# Finally legal on the tortoise front



## batchick (Apr 4, 2012)

Here in Cape Town you have to have a permit to keep a tortoise, and to get that permit you need to get a signed affidavit of how the tortoise came to be in your possession and have a home inspection. We got Ned in December and have been trying to get legal since then. The inspector finally came round this morning and gave us the all clear. In six weeks we should have the hard copy permit. Doing the right thing can be quite an onerous task.
Found two interesting things from the visit. If we ever need to move Ned, say we move house, we have to get a transport permit as well as a captivity permit. The only time you can move a tortoise from your house without a permit is if you have to take him to the vet, and that's only because you wait fourteen days for a transport permit. 
The other thing was that once you are permitted, the permitting folk may ask you to take on other tortoises in need of a place to stay - the example he gave was if someone moves into an old age home and can no longer look after the tortoise. Have visions of getting late night emergency tortoise rescue calls and being over run by strays and waifs. 
Feels good to be legal at last.


----------



## Yvonne G (Apr 4, 2012)

Its good to see that they are serious about the indigenous tortoises. But, even so, there is still a lot of poaching and illegal tortoise activities. 

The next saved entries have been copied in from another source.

(* Let $\mathbf q=(q_1,\dots,q_R)$ be route flows, $\mathbf t=(t_1,\dots,t_R)$ route travel times, and let $\mu$ be an assignment plan inducing an offer profile $T^{CAV}$ subject to $(\mathbf q,\mathbf t)$. Then there exist measurable weights $\alpha^{r_1r_2}:I\to[0,1]$, $(r_1,r_2)\in\{1,\dots,R\}^2$, with $\sum_{r_1,r_2}\alpha^{r_1r_2}(i)=1$, and measurable vectors $\mu^R(i,r_1,r_2,\cdot)\in\Delta^{R-1}$, each having at most two positive coordinates, such that for a.e. $i$: $\sum_rt_r\mu^R(i,r_1,r_2,r)=T^{CAV}_i$ whenever $\alpha^{r_1r_2}(i)>0$, and $\sum_{r_1,r_2}\alpha^{r_1r_2}(i)\mu^R(i,r_1,r_2,r)=\mu(i,r)$ for every $r$. Equivalently, on the augmented driver space $\tilde I=I\times\{1,\dots,R\}^2$ with measure $\tilde{di}(A)=\int_I\sum_{r_1,r_2}\alpha^{r_1r_2}(i)\mathbf 1_{(i,r_1,r_2)\in A}\,di$ (which splits each driver into finitely many parts), $\mu^R$ is an assignment plan whose induced distribution on $\Delta^{R-1}$ is supported on vectors with at most two nonzero coordinates, which induces the same travel time distribution as $\mu$, and from which $\mu$ is recovered by recombining the parts of each driver. (Such a plan is in general not unique.)
   Context: Drivers form a measure space $(I,di)$ of total mass $q=\sum_rq_r$. $\Delta^{R-1}=\{(x_1,\dots,x_R):x_r\ge0,\sum_rx_r=1\}$. An offer profile subject to $(\mathbf q,\mathbf t)$ is a measurable $T^{CAV}:I\to[\min_rt_r,\max_rt_r]$ with $\frac1{|I|}\int_IT^{CAV}_i\,di=\frac1q\sum_rq_rt_r$. An assignment plan inducing $T^{CAV}$ is a measurable $\mu:I\times\{1,\dots,R\}\to[0,1]$ with $\int_I\mu(i,r)\,di=q_r$ for every $r$, $\sum_r\mu(i,r)=1$ and $\sum_rt_r\mu(i,r)=T^{CAV}_i$ for a.e. $i$. The travel time distribution induced by a plan is the push-forward of the driver measure under $i\mapsto\sum_rt_r\mu(i,r)$. *)

From HB Require Import structures.
From mathcomp Require Import all_boot all_order all_algebra.
From mathcomp Require Import all_classical all_reals all_analysis.
Set Implicit Arguments. Unset Strict Implicit. Unset Printing Implicit Defensive.
Import Order.TTheory GRing.Theory Num.Theory.
Local Open Scope classical_set_scope.
Local Open Scope ring_scope.
Lemma connect_ind_to D x (Q : T -> Prop) :
  Q x -> (forall s t, D s t -> connect D t x -> Q t -> Q s) ->
  forall s, connect D s x -> Q s.
Proof.
move=> Qx IH s /connectP [p]; elim: p s => [|t p IHp] s /=; first by move=> _ <-.
move=> /andP[Dst pt] ex; apply: (IH _ _ Dst) (IHp t pt ex).
by apply/connectP; exists p.
Qed.

Lemma connect_first_step D x y :
  connect D x y -> x != y -> exists2 z, D x z & connect D z y.
Proof.
case/connectP=> [[|z p] /= Hp -> ]; first by rewrite eqxx.
by case/andP: Hp => Dxz Hp _; exists z => //; apply/connectP; exists p.
Qed.

Lemma connect_closed_in D (A : {set T}) s x :
  (forall a b, D a b -> b \in A) -> s \in A -> connect D s x -> x \in A.
Proof.
move=> DA As /connectP [p]; elim: p s As => [|y p IHp] s As /=; first by move=> _ ->.
by case/andP=> /DA Ay Hp; apply: IHp.
Qed.

Lemma reachBP D (B : {set T}) x :
  reflect (exists2 s, s \in B & connect D s x) (x \in reachB D B).
Proof.
apply: (iffP bigcupP) => [[s Hs]|[s Hs Hc]]; first by rewrite inE; exists s.
by exists s; rewrite ?inE.
Qed.

Lemma sources_verts G D : sources G D \subset verts G.
Proof. by apply/subsetP => s; rewrite inE => /andP[]. Qed.

Lemma reachB_verts G D (B : {set T}) :
  (forall a b, D a b -> edge G a b) -> B \subset verts G ->
  reachB D B \subset verts G.
Proof.
move=> DG BG; apply/subsetP => x /reachBP [s Bs]; apply: connect_closed_in.
  by move=> a b /DG /and3P[].
exact: subsetP Bs.
Qed.

Lemma exists_source_connect G D y :
  acyclic_orientation G D -> y \in verts G ->
  exists2 s, s \in sources G D & connect D s y.
Proof.
case=> DG _ _ Dacyc.
elim: {y}#|[set z | connect D z y]| {-2}y (leqnn #|[set z | connect D z y]|) => [|n IH] y.
  rewrite leqn0 cards_eq0 => /eqP E; have := in_set0 y.
  by rewrite -E inE connect0.
move=> Hcard Gy; case Hsrc: [forall x, ~~ D x y].
  by exists y; [rewrite inE Gy Hsrc | exact: connect0].
move/negbT/forallPn: Hsrc => [x]; rewrite negbK => Dxy.
have Gx : x \in verts G by case/and3P: (DG _ _ Dxy).
have ancestors_proper : [set z | connect D z x] \proper [set z | connect D z y].
  apply/properP; split.
    by apply/subsetP => z; rewrite !inE => Hz; apply: connect_trans Hz (connect1 Dxy).
  by exists y; rewrite !inE ?connect0 //; apply: Dacyc.
have [s Hs Hsx] := IH x (leq_trans (proper_card ancestors_proper) Hcard) Gx.
by exists s => //; apply: connect_trans Hsx (connect1 Dxy).
Qed.
Lemma g_ray_back_eventually_pos y : exists j, 0 < g_ray_back j y.
Proof.
  destruct (INR_unbounded (- y / rho)) as [n Hn].
  assert (Hn' : - INR n * rho < y).
  { apply Rmult_lt_compat_r with (r := rho) in Hn; [|lra].
    replace (- y / rho * rho) with (- y) in Hn by (field; lra). lra. }
  clear Hn. revert y Hn'. induction n as [|n IH]; intros y Hy.
  - exists O. simpl in *. lra.
  - destruct (Rle_dec y 0) as [Hle|]; [|exists O; simpl; lra].
    destruct (IH (g_ray_inv y)) as [j Hj].
    + unfold g_ray_inv. destruct (Rle_dec y 0); [|lra]. rewrite S_INR in Hy. lra.
    + exists (j + 1)%nat. rewrite g_ray_back_add. exact Hj.
Qed.

Lemma g_ray_back_eventually y : exists j, rho < g_ray_back j y.
Proof.
  destruct (g_ray_back_eventually_pos y) as [j Hj]. exists (1 + j)%nat. rewrite g_ray_back_add, g_ray_back_S.
  simpl. unfold g_ray_inv. destruct (Rle_dec (g_ray_back j y) 0); [lra|]. nra.
Qed.

Lemma g_ray_back_cv y : y <= 1 -> Un_cv (fun n => g_ray_back n y) 1.
Proof.
  intros Hy. destruct (g_ray_back_eventually_pos y) as [j Hj]. pose proof (g_ray_back_le_1 j y Hy).
  apply CV_shift with j.
  apply Un_cv_ext with (fun n => 1 - q ^ n * (1 - g_ray_back j y)).
  { intros n. rewrite g_ray_back_add, (g_ray_back_unit n) by lra. reflexivity. }
  intros eps Heps. destruct (pow_lt_1_zero q ltac:(rewrite Rabs_right; lra) eps Heps) as [N HN].
  exists N. intros n Hn. specialize (HN n Hn). unfold R_dist.
  pose proof (pow_lt q n ltac:(lra)). rewrite Rabs_right in HN by lra.
  replace (1 - q ^ n * (1 - g_ray_back j y) - 1) with (- (q ^ n * (1 - g_ray_back j y))) by ring.
  rewrite Rabs_Ropp, Rabs_right by nra. nra.
Qed.

Lemma pi_semiconj y : y <= 1 -> f (pi (g_ray_inv y)) = pi y.
Proof.
  intros Hy. unfold g_ray_inv. destruct (Rle_dec y 0).
  - pose proof (tri_range rho ltac:(lra) y).
    rewrite (pi_le (y + rho)), tri_shift, f_le by (try apply sig_range; lra).
    rewrite <- sig_conj by lra. rewrite pi_le by lra. f_equal. ring.
  - assert (Hin : rho < rho + q * y <= 1) by nra.
    pose proof (pi_gt _ Hin). rewrite f_gt by lra.
    rewrite !pi_unit_interval by lra. replace (1 - (rho + q * y)) with (q * (1 - y)) by ring.
    unfold sig_ext. rewrite scaling_ext_scale; [field; lra|lra|apply sig_top_q|apply sig_top_1|lra].
Qed.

Glad you've finally gotten your permit!


----------



## Shelly (Apr 4, 2012)

emysemys said:


> Its good to see that they are serious about the indigenous tortoises.



Big cosign on that.


----------



## ascott (Apr 4, 2012)

FANTASTIC! and how fun it would be to be an authorized stop over for others in need....good job


----------



## ALDABRAMAN (Apr 4, 2012)




----------



## Terry Allan Hall (Apr 4, 2012)

Cool!


----------